Lincoln Wanted to Send Freed Slaves to Central America Abraham Lincoln wanted to send slaves that had been freed to live abroad not only while the Civil War was ongoing but before then. It was a policy that Thomas Jefferson, Henry Clay, James Madison and other important figures of the day supported. Lincoln went so far as to ask Congress to pass a constitutional amendment to fund the colonization of Central America by American blacks, but abolitionists such as William Lloyd Garrison and Frederick Douglass were more than a little appalled by the idea of expelling blacks from the country.  Lincoln never succeeded at gathering support for the policy, and after he signed the Emancipation Proclamation he never mentioned it publicly again.
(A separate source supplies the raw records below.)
Lemma embeds_total {A B : Type} (X : set A) (Y : set B) : embeds X Y \/ embeds Y X.
Proof.
have [M [[MXY Mfun Minj] Mmax]] : exists M, partial_bijection X Y M /\
    forall M', M `<` M' -> ~ partial_bijection X Y M'.
  apply: Zorn_bigcup => C Cbij Ctot; split.
  - by move=> t [M CM Mt]; have [MXY _ _] := Cbij M CM; exact: MXY.
  - move=> a b b' [M CM Mab] [M' CM' M'ab'].
    have [M'' CM'' [M''ab M''ab']] := chain_common Ctot CM CM' Mab M'ab'.
    by have [_ M''fun _] := Cbij M'' CM''; exact: M''fun M''ab M''ab'.
  - move=> a a' b [M CM Mab] [M' CM' M'a'b].
    have [M'' CM'' [M''ab M''a'b]] := chain_common Ctot CM CM' Mab M'a'b.
    by have [_ _ M''inj] := Cbij M'' CM''; exact: M''inj M''ab M''a'b.
have [Mtot|] := pselect (forall a, X a -> exists b, M (a, b)).
  left; exists (fun a b => M (a, b)); split => [x /Mtot[y Mxy]||].
  + by exists y => //; have [] := MXY _ Mxy.
  + by move=> x y y' _; apply: Mfun.
  + by move=> x x' y _ _; apply: Minj.
have [Msurj|] := pselect (forall b, Y b -> exists a, M (a, b)).
  right; exists (fun b a => M (a, b)); split => [y /Msurj[x Mxy]||].
  + by exists x => //; have [] := MXY _ Mxy.
  + by move=> y x x' _; apply: Minj.
  + by move=> y y' x _ _; apply: Mfun.
move=> /existsNP[b0 /not_implyP[Yb0 free_b0]] /existsNP[a0 /not_implyP[Xa0 free_a0]].
case: (Mmax (M `|` [set (a0, b0)])).
  split; first exact: subsetUl.
  by move=> /(_ (a0, b0) (or_intror erefl)) Mab0; apply: free_a0; exists b0.
split.
- by move=> t [/MXY //|->].
- move=> a b b' [Mab|[Ea Eb]] [Mab'|[Ea' Eb']]; subst.
  + exact: Mfun Mab Mab'.
  + by case: free_a0; exists b.
  + by case: free_a0; exists b'.
  + by [].
- move=> a a' b [Mab|[Ea Eb]] [Ma'b|[Ea' Eb']]; subst.
  + exact: Minj Mab Ma'b.
  + by case: free_b0; exists a.
  + by case: free_b0; exists a'.
  + by [].
Qed.

Lemma le_card_of_embeds (A B : Type) : embeds [set: A] [set: B] -> le_card A B.
Proof.
move=> [R [Rtot _ Rinj]].
have /choice[f Rf] : forall a, exists b, R a b by move=> a; have [b] := Rtot a I; exists b.
by exists f => x y fxy; apply: (Rinj x y (f x) I I (Rf x)); rewrite fxy.
Qed.

Section Pairing.
Context {N : Type}.
Implicit Types (M : set ((N * N) * N)) (B D : set N).

Definition pairing_base M : set N := fun a => exists v, M ((a, a), v).

(* [M] is the graph of an injection from [B `*` B] into [B], where [B] is
   read off the diagonal of the domain of [M]. *)
Definition pairing M : Prop :=
  let B := pairing_base M in
  [/\ forall u, (B `*` B) u -> exists v, M (u, v),
      forall u v, M (u, v) -> (B `*` B) u /\ B v,
      forall u v v', M (u, v) -> M (u, v') -> v = v' &
      forall u u' v, M (u, v) -> M (u', v) -> u = u'].

Lemma pairing_base_sub {M M'} : M `<=` M' -> pairing_base M `<=` pairing_base M'.
Proof. by move=> MM' a [v Mv]; exists v; apply: MM'. Qed.

Lemma pairing_embeds {M} :
  pairing M -> embeds (pairing_base M `*` pairing_base M) (pairing_base M).
Proof.
move=> [Mtot Mval Mfun Minj]; exists (fun u v => M (u, v)); split.
- by move=> u /Mtot[v Muv]; exists v => //; have [] := Mval u v Muv.
- by move=> u v v' _; apply: Mfun.
- by move=> u u' v _ _; apply: Minj.
Qed.

Lemma pairing_bigcup (C : set (set ((N * N) * N))) :
  C `<=` pairing -> total_on C subset -> pairing (\bigcup_(M in C) M).
Proof.
move=> Cpair Ctot; set U := \bigcup_(M in C) M.
have sub_U M : C M -> M `<=` U by move=> CM t Mt; exists M.
split.
- move=> [a c] [/= [va [Ma CMa Mava]] [vc [Mc CMc Mcvc]]].
  have [M CM [Mava' Mcvc']] := chain_common Ctot CMa CMc Mava Mcvc.
  have [Mtot _ _ _] := Cpair M CM.
  have [v Mv] : exists v, M ((a, c), v) by apply: Mtot; split; [exists va|exists vc].
  by exists v; apply: sub_U Mv.
- move=> u v [M CM Muv]; have [_ Mval _ _] := Cpair M CM.
  have [[Bu1 Bu2] Bv] := Mval u v Muv; have MU := pairing_base_sub (sub_U M CM).
  by split; [split|]; apply: MU.
- move=> u v v' [M CM Muv] [M' CM' M'uv'].
  have [M'' CM'' [Muv'' Muv''']] := chain_common Ctot CM CM' Muv M'uv'.
  by have [_ _ Mfun _] := Cpair M'' CM''; apply: Mfun Muv'' Muv'''.
- move=> u u' v [M CM Muv] [M' CM' M'u'v].
  have [M'' CM'' [Muv'' Mu'v'']] := chain_common Ctot CM CM' Muv M'u'v.
  by have [_ _ _ Minj] := Cpair M'' CM''; apply: Minj Muv'' Mu'v''.
Qed.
More Men Died in The Civil War Than Any Other American Conflict Approximately 625,000 men died in the Civil War, more Americans than in World War I, World War II, the Korean War and the Vietnam War combined. If the names of the Civil War dead were arranged like the names on the Vietnam Memorial, it would stretch over 10 times the wall’s length. Two percent of the population died, the equivalent of 6 million men today. Rifles were by far the war’s deadliest weapons, but deadlier still was disease. Camps became breeding grounds for diseases such as mumps, chicken pox and measles, and over one million Union soldiers contracted malaria.